## Records to use
______

Lemma holistic_mixture vals :
  (forall g, 0 < size (vals g))%N -> (forall g, normal_valuations g (vals g)) ->
  holistic idT (mixture vals).
Proof.
move=> vals_gt0 vals_normal; split.
- by move=> g i _; apply: is_density_mixop => // v; apply: sqnorm_level_state.
- move=> g i /andP[i_gt0 _] x y; rewrite chan_mixop /mixture /mixop.
  by congr (_ * _); apply: eq_bigr => v _; rewrite /outer !mulopv_levelgate.
- move=> g b i j i' j' occ occ' x y.
  by rewrite !ctx_mixture //; apply: vals_normal.
- move=> g i j occ x y; rewrite ctx_mixture // mixop_const // P0_idT outer_basis1.
  by rewrite bit_zeroB eqbF_neg.
- move=> g i j occ x y; rewrite ctx_mixture // mixop_const // P1_idT outer_basis1.
  have bit_true : bit ([ffun => true] : B 1) 0 = true.
    by rewrite (bit_ffun (fun _ => true)) // => k; rewrite ffunE.
  by rewrite bit_true eqb_id.
Qed.

(** * Decidable normality *)

Fixpoint form_eqb (a b : form) : bool :=
  match a, b with
  | Atom n, Atom m => n == m
  | Tr, Tr | Fa, Fa => true
  | Neg a, Neg b | Sqid a, Sqid b | Sqneg a, Sqneg b => form_eqb a b
  | Xor a c, Xor b d => form_eqb a b && form_eqb c d
  | Tof a c e, Tof b d f => [&& form_eqb a b, form_eqb c d & form_eqb e f]
  | _, _ => false
  end.

Lemma form_eqP : Equality.axiom form_eqb.
Proof.
move=> a b; apply: (iffP idP) => [|<-]; last first.
  by elim: a => [n| | |a IH|a IH|a IH|a IHa c IHc|a IHa c IHc d IHd] //=;
    rewrite ?eqxx ?IH ?IHa ?IHc ?IHd.
elim: a b => [n| | |a IH|a IH|a IH|a IHa c IHc|a IHa c IHc d IHd]
             [m| | |b|b|b|b e|b e f] //=.
- by move/eqP->.
- by move/IH->.
- by move/IH->.
- by move/IH->.
- by case/andP=> /IHa-> /IHc->.
- by case/and3P=> /IHa-> /IHc-> /IHd->.
Qed.

HB.instance Definition _ := hasDecEq.Build form form_eqP.

Fixpoint subfb (a g : form) : bool :=
  (a == g) ||
  match g with
  | Atom _ | Tr | Fa => false
  | Neg b | Sqid b | Sqneg b => subfb a b
  | Xor b c => subfb a b || subfb a c
  | Tof b c d => [|| subfb a b, subfb a c | subfb a d]
  end.

Lemma subfb_subf a g : subfb a g -> subf a g.
Proof.
elim: g => [n| | |b IH|b IH|b IH|b IHb c IHc|b IHb c IHc d IHd] /= /orP[/eqP-> | sub] //;
  try by left.
- by right; apply: IH.
- by right; apply: IH.
- by right; apply: IH.
- by right; case/orP: sub => [/IHb | /IHc]; [left | right].
- right; case/or3P: sub => [/IHb | /IHc | /IHd] sub.
  + by left.
  + by right; left.
  + by right; right.
Qed.

Definition occursb g b i j : bool :=
  [&& (1 <= i <= height g)%N, (j < size (level g i))%N & nth Fa (level g i) j == b].

Lemma occursbP g b i j : reflect (occurs g b i j) (occursb g b i j).
Proof. by apply: (iffP and3P) => [[? ? /eqP] | [? ? ->]]. Qed.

______

## What the task requires
Copy all lines of the records in which the string "apply" can be found.

## Answer to the exercise
- by move=> g i _; apply: is_density_mixop => // v; apply: sqnorm_level_state.
  by congr (_ * _); apply: eq_bigr => v _; rewrite /outer !mulopv_levelgate.
  by rewrite !ctx_mixture //; apply: vals_normal.
move=> a b; apply: (iffP idP) => [|<-]; last first.
- by right; apply: IH.
- by right; apply: IH.
- by right; apply: IH.
Proof. by apply: (iffP and3P) => [[? ? /eqP] | [? ? ->]]. Qed.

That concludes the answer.